SECOND, confusion meets eagerness to learn. We begin to tame the firehose effect.
As manipulators of information we give shape to the inchoate. We filter and screen. We create taxonomies. Lists. Reference points. Technologies to give focus. To point towards meaning. Old media meets new media in the same impetus to shape, to manipulate, to handle and share. Sometimes meaning only becomes apparent in the rearview mirror.
The ADD culture warriors wrestle with the same issues. Although some of us reference the changing brain, we're not yet willing to live entirely wild in the field of chaos. Paraphrasing
KK : I have no time for things and people that waste my attention; it's the most valuable thing I have. I think about
Bruce Sterling's novel,
Distraction.
Mike Littrell introduces several ideas that resonate over the next few days. One has to do with knowing our personal narrative, and the wisdom of knowing how and when it has reached or is reaching the end of it's usefulness. The most telling for me comes, ironically, from my least favourite of Hemingway's novels (Farewell to Arms): "The world breaks everyone and afterward many are strong in the broken places." Here, I realize, is a juicy bit: it's when and where I've broken that I've tasted the juice of my life and been inspired to be bigger, more than I thought I was. Isn't this why I love story? Because it is how we try to connect the pieces, to feel the flow of juice in a sometimes arid, decidedly not-juicy world?
THIRD, much animated and application /action-oriented conversation (remember: face to face is still our most persuasive and authentic medium; we are humans, we love to talk and to listen and to hang out together and generate new things - ideas, projects, things to hold in our hands, things to hold in our minds and hearts).

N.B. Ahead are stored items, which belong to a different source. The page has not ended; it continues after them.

Lemma cauchy_schwarz u v : dotv u v ^+ 2 <= dotv u u * dotv v v.
Proof.
have [Hv|Hv] := eqVneq (dotv v v) 0.
  by rewrite (dotv_eq0 Hv) !dotv0r expr0n /= mulr0.
have Bp : 0 < dotv v v by rewrite lt0r Hv dotv_ge0.
set t := dotv u v / dotv v v.
have E : dotv (u - t *: v) (u - t *: v) = dotv u u - dotv u v ^+ 2 / dotv v v.
  by rewrite !(dotvBl, dotvBr, dotvZl, dotvZr) (dotvC v u) /t; field.
by have := dotv_ge0 (u - t *: v); rewrite E subr_ge0 ler_pdivrMr.
Qed.

Lemma dotv_le u v : dotv u v <= norm2 u * norm2 v.
Proof.
apply: le_trans (ler_norm _) _.
rewrite -sqrtr_sqr /norm2 -sqrtrM ?dotv_ge0 // ler_sqrt ?cauchy_schwarz //.
by rewrite mulr_ge0 ?dotv_ge0.
Qed.

Lemma norm2D u v : norm2 (u + v) <= norm2 u + norm2 v.
Proof.
rewrite -(ger0_norm (addr_ge0 (norm2_ge0 u) (norm2_ge0 v))) -sqrtr_sqr.
rewrite {1}/norm2 ler_sqrt ?sqr_ge0 // !(dotvDl, dotvDr) sqrrD !norm2_sq (dotvC v u).
have := dotv_le u v; lra.
Qed.

Lemma norm2Z k u : norm2 (k *: u) = `|k| * norm2 u.
Proof.
by rewrite /norm2 dotvZl dotvZr mulrA -expr2 sqrtrM ?sqr_ge0 // sqrtr_sqr.
Qed.

Lemma norm2N u : norm2 (- u) = norm2 u.
Proof. by rewrite -scaleN1r norm2Z normrN1 mul1r. Qed.

Lemma norm2B u v : norm2 (u - v) = norm2 (v - u).
Proof. by rewrite -norm2N opprB. Qed.

Lemma norm2_lip u v : `|norm2 u - norm2 v| <= norm2 (u - v).
Proof.
rewrite ler_norml; apply/andP; split.
  by have := norm2D (v - u) u; rewrite subrK norm2B; lra.
by have := norm2D (u - v) v; rewrite subrK; lra.
Qed.

Lemma add_incr u v : u + (v - u) = v.
Proof. by rewrite addrC subrK. Qed.

End Euclid.

Section Gradients.
Variables (R : realType) (n : nat).
Implicit Types (x z g : 'cV[R]_n) (G : 'cV[R]_n -> R).

Lemma is_grad_quadratic G x g (K : R) : 0 <= K ->
  (forall z, `|G z - G x - dotv g (z - x)| <= K * norm2 (z - x) ^+ 2) ->
  is_grad G x g.
Proof.
move=> K0 H e e0; have K1 : 0 < K + 1 by rewrite ltr_wpDl.
exists (e / (K + 1)); split; first by rewrite divr_gt0.
move=> z Hz; apply: le_trans (H z) _; have Nh := norm2_ge0 (z - x).
have : (K + 1) * norm2 (z - x) <= e by rewrite mulrC -ler_pdivlMr // ltW.
move=> /(ler_wpM2r Nh) h; rewrite expr2 mulrA; apply: le_trans h.
by rewrite ler_wpM2r // ler_wpM2r // lerDl.
Qed.

Lemma is_grad_affine G x g (k c : R) : is_grad G x g ->
  is_grad (fun z => k * G z + c) x (k *: g).
Proof.
move=> H e e0; have k1 : 0 < `|k| + 1 by rewrite ltr_wpDl.
have [delta [d0 Hd]] := H (e / (`|k| + 1)) (divr_gt0 e0 k1).
exists delta; split => // z Hz.
have -> : k * G z + c - (k * G x + c) - dotv (k *: g) (z - x)
    = k * (G z - G x - dotv g (z - x)) by rewrite dotvZl; ring.
rewrite normrM; apply: le_trans (ler_wpM2l (normr_ge0 k) (Hd z Hz)) _.
rewrite !mulrA ler_wpM2r ?norm2_ge0 // ler_pdivrMr // mulrDr mulr1 mulrC lerDl.
exact: ltW.
Qed.

Lemma is_grad_norm2 x : x != 0 -> is_grad (@norm2 R n) x ((norm2 x)^-1 *: x).
Proof.
move=> x0; have Nx := norm2_gt0 x0.
apply: (@is_grad_quadratic _ _ _ (2 * norm2 x)^-1).
  by rewrite invr_ge0 mulr_ge0 // ltW.
move=> z; have [h ->] : exists h, z = x + h by exists (z - x); rewrite add_incr.
rewrite [x + h]addrC addrK [h + x]addrC.
have dx : dotv x h = (norm2 (x + h) ^+ 2 - norm2 x ^+ 2 - norm2 h ^+ 2) / 2.
  by rewrite !norm2_sq !(dotvDl, dotvDr) (dotvC h x); field.
have -> : norm2 (x + h) - norm2 x - dotv ((norm2 x)^-1 *: x) h
    = (norm2 h ^+ 2 - (norm2 (x + h) - norm2 x) ^+ 2) / (2 * norm2 x).
  by rewrite dotvZl dx; field; rewrite gt_eqF.
have := norm2_lip (x + h) x.
rewrite (addrC x h) addrK (addrC h x) ler_norml => /andP [l1 l2].
have Nh := norm2_ge0 h.
have s1 : (norm2 (x + h) - norm2 x) ^+ 2 <= norm2 h ^+ 2 by nra.
rewrite ger0_norm; last by rewrite divr_ge0 ?subr_ge0 // mulr_ge0 // ltW.
rewrite [leRHS]mulrC; apply: ler_wpM2r; first by rewrite invr_ge0 mulr_ge0 // ltW.
by have := sqr_ge0 (norm2 (x + h) - norm2 x); lra.
Qed.

End Gradients.

Section FrechetCalculus.
Variables (R : realType) (n : nat).
Implicit Types (x z v g : 'cV[R]_n) (P : 'cV[R]_n -> Prop) (F G : 'cV[R]_n -> R).

Definition frechet_on P F x v := forall e : R, 0 < e -> exists delta : R, 0 < delta /\
  forall z, P z -> 0 < norm2 (z - x) -> norm2 (z - x) < delta ->
    F x + (dotv v (z - x) - e * norm2 (z - x)) <= F z.

Definition subgrad_on P F x v := forall z, P z -> F x + dotv v (z - x) <= F z.

(* The extended-valued function equal to [F] on [P] and to +oo elsewhere;
   Phi, Q_lambda, ||.||_1 + iota_D and iota_C o A are all of this form. *)
Definition extend P F (z : 'cV[R]_n) : \bar R :=
  if `[< P z >] then (F z)%:E else +oo%E.

Lemma frechet_extend P F x v :
  frechet_subdiff (extend P F) x v <-> P x /\ frechet_on P F x v.
Proof.
rewrite /frechet_subdiff /extend; split.
  case: (asboolP (P x)) => [Px [_ H]|_ [//]]; split => // e e0.
  have [delta [d0 Hd]] := H e e0; exists delta; split => // z Pz z0 zd.
  by move: (Hd z); rewrite z0 zd asboolT // -EFinD lee_fin => /(_ isT).
move=> [Px H]; rewrite asboolT //; split => // e e0.
have [delta [d0 Hd]] := H e e0; exists delta; split => // z /andP [z0 zd].
case: (asboolP (P z)) => Pz; last exact: leey.
by rewrite -EFinD lee_fin; apply: Hd.
Qed.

Stories. The telling of stories of pain and suffering and laughter and inspiration and playfulness. Fragments that ask for a story. Stories about the nightmares most of us enjoy, the sheer glut of this life we live thrown back, empty. A child earnestly and excitedly doing what children do in my life: making me laugh, connecting me to another very, very juicy place. Not the place of breaking, but the place of forgetting. I keep coming back to this idea too: how much I learn from my children, from being given the opportunity to remember who and how I was at their age.
FINALLY, we dance and sing and laugh and get too little sleep and go back out into the world. And on the way I get to listen and talk with Sarah and Mike and learn a little more about how we come together.